(* Let $\sigma\in S_k$ be a $213$-avoiding permutation, i.e. there are no $1\le i_1<i_2<i_3\le k$ with $\sigma(i_2)<\sigma(i_1)<\sigma(i_3)$. Then there exists a strongly regular bi-sequence $\mathcal A$ of length $k$ such that $\sigma=\sigma_0(\mathcal A)$.
   Context: A bi-sequence of length $k$ is a pair $\mathcal A=\begin{pmatrix}a_1&\cdots&a_k\\ b_1&\cdots&b_k\end{pmatrix}$ of integer sequences with $a_1\le\cdots\le a_k$, $b_1\ge\cdots\ge b_k$, and $a_i\le b_{k+1-i}+1$ for all $i$. It is regular if the $a_i$ are pairwise distinct and the $b_i$ are pairwise distinct; it is strongly regular if it is regular and $\{a_1,\dots,a_k\}\cap\{b_1+1,\dots,b_k+1\}=\emptyset$. The permutation $\sigma_0(\mathcal A)\in S_k$ is defined recursively for $i=k,k-1,\dots,1$ by $\sigma_0^{-1}(i)=\max\{j\notin\sigma_0^{-1}(\{i+1,\dots,k\}) : a_j\le b_i+1\}$. *)

(* Indices are 0-based: position i (1-based) is the ordinal i-1 : 'I_k. *)
From HB Require Import structures.
From mathcomp Require Import all_boot all_order all_algebra all_fingroup.
Set Implicit Arguments. Unset Strict Implicit. Unset Printing Implicit Defensive.
Import Order.TTheory GRing.Theory Num.Theory.
Local Open Scope ring_scope.

(* A bi-sequence of length k: a pair (a, b) of integer sequences indexed by 'I_k,
   a nondecreasing, b nonincreasing, and a_i <= b_{k+1-i} + 1 (1-based), i.e.
   a i <= b (rev_ord i) + 1 (0-based). *)
Definition bisequence (k : nat) (a b : 'I_k -> int) : Prop :=
  [/\ (forall i j : 'I_k, (i <= j)%N -> a i <= a j),
      (forall i j : 'I_k, (i <= j)%N -> b j <= b i) &
      (forall i : 'I_k, a i <= b (rev_ord i) + 1)].

Definition regular_bisequence (k : nat) (a b : 'I_k -> int) : Prop :=
  [/\ bisequence a b, injective a & injective b].

Definition strongly_regular_bisequence (k : nat) (a b : 'I_k -> int) : Prop :=
  regular_bisequence a b /\ (forall i j : 'I_k, a i <> b j + 1).

(* sigma = sigma_0(a,b): for every i (processed from k down to 1),
   sigma^{-1}(i) is the maximum of
   { j | j not in sigma^{-1}({i+1,...,k}) and a_j <= b_i + 1 }. *)
Definition sigma0_set (k : nat) (a b : 'I_k -> int) (s : 'S_k) (i j : 'I_k) : Prop :=
  (forall i' : 'I_k, (i < i')%N -> (s^-1)%g i' <> j) /\ a j <= b i + 1.

Definition is_sigma0 (k : nat) (a b : 'I_k -> int) (s : 'S_k) : Prop :=
  forall i : 'I_k,
    sigma0_set a b s i ((s^-1)%g i) /\
    (forall j : 'I_k, sigma0_set a b s i j -> (j <= (s^-1)%g i)%N).

Definition avoids213 (k : nat) (s : 'S_k) : Prop :=
  ~ exists i1 i2 i3 : 'I_k,
      [/\ (i1 < i2)%N, (i2 < i3)%N, (s i2 < s i1)%N & (s i1 < s i3)%N].

From mathcomp Require Import all_boot all_order all_algebra all_fingroup.
From mathcomp Require Import zify.
Import Order.TTheory GRing.Theory Num.Theory.

Set Implicit Arguments.
Unset Strict Implicit.
Unset Printing Implicit Defensive.

(* Let M(i) be the largest position s^-1(i') with i' >= i.  Taking a_j := (k+1) j
   and b_i + 1 := (k+1) M(i) + (k - i), the condition a_j <= b_i + 1 says exactly
   j <= M(i), while the residue k - i of b_i + 1 modulo k+1 lies in [1, k] and makes
   b strictly decreasing and never equal to a_j - 1.  The greedy rule computing
   sigma_0 then picks, at value i, the rightmost free position j <= M(i); if that
   position were to the right of s^-1(i), then s^-1(i) < j < s^-1(q) (where
   M(i) = s^-1(q)) would carry the values i > s(j) and q > i: a 213 pattern. *)

Lemma card_ord_geq (k n : nat) : #|[pred j : 'I_k | n <= j]| = k - n.
Proof.
by rewrite -sum1_card -[RHS]muln1 -sum_nat_const_nat big_geq_mkord; apply: eq_bigl.
Qed.

Lemma card_ord_leq (k m : nat) : #|[pred j : 'I_k | j <= m]| <= m.+1.
Proof.
have := cardC [pred j : 'I_k | m < j]; rewrite card_ord card_ord_geq.
have -> : #|[predC [pred j : 'I_k | m < j]]| = #|[pred j : 'I_k | j <= m]|.
  by apply: eq_card => j; rewrite !inE -leqNgt.
lia.
Qed.

Lemma leq_mul_addr_digit {q r : nat} (m n : nat) : r < q -> (q * m <= q * n + r) = (m <= n).
Proof.
move=> ltrq; apply/idP/idP => [le_qm | lemn].
  rewrite leqNgt; apply/negP => ltnm.
  have : q * n.+1 <= q * m by rewrite leq_mul2l ltnm orbT.
  rewrite mulnS; lia.
by rewrite (leq_trans _ (leq_addr r _)) // leq_mul2l lemn orbT.
Qed.

Lemma mul_neq_addr_digit (q m n r : nat) : 0 < r < q -> q * m != q * n + r.
Proof.
case/andP=> r_gt0 ltrq; apply/eqP => eqm.
have lemn : m <= n by rewrite -(leq_mul_addr_digit m n ltrq) eqm.
have : q * m <= q * n by rewrite leq_mul2l lemn orbT.
by rewrite eqm; lia.
Qed.

Section SuffixMax.
Variables (k : nat) (s : 'S_k).

Definition suffix_max (i : 'I_k) : nat := \max_(i' : 'I_k | i <= i') (s^-1)%g i'.

Lemma leq_suffix_max (i i' : 'I_k) : i <= i' -> (s^-1)%g i' <= suffix_max i.
Proof. exact: (leq_bigmax_cond (P := fun x : 'I_k => i <= x)). Qed.

Lemma suffix_max_nonincr (i j : 'I_k) : i <= j -> suffix_max j <= suffix_max i.
Proof.
by move=> leij; apply/bigmax_leqP => i' /(leq_trans leij); apply: leq_suffix_max.
Qed.

Lemma suffix_max_attained (i : 'I_k) :
  exists2 q : 'I_k, i <= q & suffix_max i = (s^-1)%g q.
Proof.
rewrite /suffix_max (bigop.bigmax_eq_arg i) //.
by case: arg_maxnP => // q leiq _; exists q.
Qed.

Lemma card_suffix_leq_max (i : 'I_k) : k - i <= (suffix_max i).+1.
Proof.
rewrite -card_ord_geq -(card_imset _ (@perm_inj _ (s^-1)%g)).
apply: leq_trans (card_ord_leq k (suffix_max i)); apply: subset_leq_card.
by apply/subsetP => _ /imsetP [i' leii' ->]; rewrite inE leq_suffix_max.
Qed.

Definition code_a (j : 'I_k) : int := Posz (k.+1 * j).
Definition code_b_succ (i : 'I_k) : nat := k.+1 * suffix_max i + (k - i).
Definition code_b (i : 'I_k) : int := (Posz (code_b_succ i) - 1)%R.

Lemma code_digit_range (i : 'I_k) : 0 < k - i < k.+1.
Proof. by rewrite subn_gt0 ltn_ord ltnS leq_subr. Qed.

Lemma leq_code_ab (i j : 'I_k) : (code_a j <= code_b i + 1)%R = (j <= suffix_max i).
Proof.
rewrite /code_b subrK lez_nat; apply: leq_mul_addr_digit.
by case/andP: (code_digit_range i).
Qed.

Lemma code_b_succ_decr (i j : 'I_k) : i < j -> code_b_succ j < code_b_succ i.
Proof.
move=> ltij; have : k.+1 * suffix_max j <= k.+1 * suffix_max i.
  by rewrite leq_mul2l suffix_max_nonincr ?orbT // ltnW.
by rewrite /code_b_succ; move: (ltn_ord j); lia.
Qed.

Lemma code_strongly_regular : strongly_regular_bisequence code_a code_b.
Proof.
split; first split; first split.
- by move=> i j leij; rewrite lez_nat leq_mul2l leij orbT.
- move=> i j; rewrite leq_eqVlt => /orP [/eqP/val_inj -> // | /code_b_succ_decr ltb].
  by rewrite lerD2r lez_nat ltnW.
- move=> i; rewrite leq_code_ab.
  by move: (card_suffix_leq_max (rev_ord i)) (ltn_ord i) => /=; lia.
- by move=> i j [/eqP]; rewrite eqn_mul2l /= => /eqP/val_inj.
- move=> i j /addIr [] eqb.
  by case: (ltngtP i j) => [/code_b_succ_decr | /code_b_succ_decr | /val_inj //];
    rewrite eqb ltnn.
- move=> i j; rewrite subrK => -[] /eqP; apply/negP.
  exact/mul_neq_addr_digit/code_digit_range.
Qed.

Hypothesis s_avoids213 : avoids213 s.

Lemma free_leq_suffix_max_left (i j : 'I_k) :
  j <= suffix_max i -> (forall i' : 'I_k, i < i' -> (s^-1)%g i' <> j) ->
  j <= (s^-1)%g i.
Proof.
move=> lejM j_free; rewrite leqNgt; apply/negP => ltij.
have ltsji : s j < i.
  rewrite ltn_neqAle; apply/andP; split.
    by apply: contraTneq ltij => /val_inj <-; rewrite permK ltnn.
  by rewrite leqNgt; apply/negP => /(j_free (s j)); rewrite permK.
have [q leiq Mq] := suffix_max_attained i.
have ltiq : i < q.
  rewrite ltn_neqAle leiq andbT; apply: contraTneq ltij => /val_inj eqiq.
  by rewrite -leqNgt eqiq -Mq.
have ltjq : j < (s^-1)%g q.
  rewrite ltn_neqAle -Mq lejM andbT Mq.
  by apply/eqP => /val_inj eqj; apply: (j_free q ltiq); rewrite eqj.
by apply: s_avoids213; exists ((s^-1)%g i), j, ((s^-1)%g q); rewrite !permKV.
Qed.

Lemma is_sigma0_suffix_max (a b : 'I_k -> int) :
  (forall i j : 'I_k, (a j <= b i + 1)%R = (j <= suffix_max i)) -> is_sigma0 a b s.
Proof.
move=> abM i; split.
  split; first by move=> i' ltii' /perm_inj eqi; move: ltii'; rewrite eqi ltnn.
  by rewrite abM leq_suffix_max.
by move=> j [j_free]; rewrite abM => lejM; apply: free_leq_suffix_max_left.
Qed.

End SuffixMax.

Theorem mainTheorem3 (k : nat) (s : 'S_k) :
  avoids213 s ->
  exists a b : 'I_k -> int, strongly_regular_bisequence a b /\ is_sigma0 a b s.
Proof.
move=> s_avoids213; exists (@code_a k), (code_b s); split.
  exact: code_strongly_regular.
exact: is_sigma0_suffix_max (leq_code_ab s).
Qed.
(* Let $N\ge2$, $V_{th}>0$, and consider a multi-layer feedback spiking neural network with discrete integrate-and-fire neurons organized in layers $l=1,\dots,N$, with weight matrices $\mathbf{F}^1$ (input to layer 1), $\mathbf{F}^{l}$ (layer $l-1$ to layer $l$, $l=2,\dots,N$), feedback matrix $\mathbf{W}^1$ (layer $N$ to layer 1), and biases $\mathbf{b}^l$. With $\mathbf{u}^l[0]=\mathbf{0}$, $\mathbf{s}^l[0]=\mathbf{0}$, the dynamics are $$\mathbf{u}^1[t+1]=\mathbf{u}^1[t]+\mathbf{W}^1\mathbf{s}^N[t]+\mathbf{F}^1\mathbf{x}[t]+\mathbf{b}^1-V_{th}\mathbf{s}^1[t+1],$$ $$\mathbf{u}^{l+1}[t+1]=\mathbf{u}^{l+1}[t]+\mathbf{F}^{l+1}\mathbf{s}^l[t+1]+\mathbf{b}^{l+1}-V_{th}\mathbf{s}^{l+1}[t+1],\quad l=1,\dots,N-1,$$ where each spike $\mathbf{s}^l[t+1]$ equals $H(\text{pre-reset potential}-V_{th})$ elementwise ($H$ the Heaviside step). Define $\mathbf{a}^l[t]=\frac1t\sum_{\tau=1}^t\mathbf{s}^l[\tau]$ and $\overline{\mathbf{x}}[t]=\frac1{t+1}\sum_{\tau=0}^t\mathbf{x}[\tau]$, and let ${\mathbf{u}^l}^+[t]$ denote the parts of the membrane potentials for which $$\mathbf{a}^1[t+1]=\sigma\!\left(\tfrac1{V_{th}}\left(\tfrac{t}{t+1}\mathbf{W}^1\mathbf{a}^N[t]+\mathbf{F}^1\overline{\mathbf{x}}[t]+\mathbf{b}^1-\tfrac{{\mathbf{u}^1}^+[t+1]}{t+1}\right)\right),$$ $$\mathbf{a}^{l+1}[t+1]=\sigma\!\left(\tfrac1{V_{th}}\left(\mathbf{F}^{l+1}\mathbf{a}^l[t+1]+\mathbf{b}^{l+1}-\tfrac{{\mathbf{u}^{l+1}}^+[t+1]}{t+1}\right)\right),\ l=1,\dots,N-1,$$ hold. Suppose $\overline{\mathbf{x}}[t]\to\mathbf{x}^*$, and there exist constants $c$ and $\gamma<1$ such that $|{\mathbf{u}^l_i}^+[t]|\le c$ for all $i,l,t$ and $\|\mathbf{W}^1\|_2\|\mathbf{F}^N\|_2\cdots\|\mathbf{F}^2\|_2\le\gamma V_{th}^N$. Then $\mathbf{a}^l[t]\to{\mathbf{a}^l}^*$ for every $l$, where ${\mathbf{a}^1}^*=f_1\big(f_N\circ\cdots\circ f_2({\mathbf{a}^1}^* ),\mathbf{x}^*\big)$ and ${\mathbf{a}^{l+1}}^*=f_{l+1}({\mathbf{a}^l}^* )$, with $f_1(\mathbf{a},\mathbf{x})=\sigma\big(\frac1{V_{th}}(\mathbf{W}^1\mathbf{a}+\mathbf{F}^1\mathbf{x}+\mathbf{b}^1)\big)$ and $f_l(\mathbf{a})=\sigma\big(\frac1{V_{th}}(\mathbf{F}^l\mathbf{a}+\mathbf{b}^l)\big)$ for $l\ge2$.
   Context: $\sigma$ is applied elementwise with $\sigma(x)=1$ for $x>1$, $\sigma(x)=x$ for $0\le x\le1$, $\sigma(x)=0$ for $x<0$. $\|\cdot\|_2$ is the spectral norm. In the paper each membrane potential is decomposed as $\mathbf{u}^l_i[t]={\mathbf{u}^l_i}^-[t]+{\mathbf{u}^l_i}^+[t]$, the first term collecting the accumulated negative and excess positive terms (those clipped by $\sigma$), and ${\mathbf{u}^l}^+[t]$ being the remainder, so that the displayed relations hold. *)

From HB Require Import structures.
From mathcomp Require Import all_boot all_order all_algebra.
From mathcomp Require Import all_classical all_reals all_analysis.
Set Implicit Arguments. Unset Strict Implicit. Unset Printing Implicit Defensive.
Import Order.TTheory GRing.Theory Num.Theory.
Local Open Scope ring_scope.
Local Open Scope classical_set_scope.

# Work request:
Count the lines of the records that include the word "andbT". Give the number by itself.

# Task solution:
2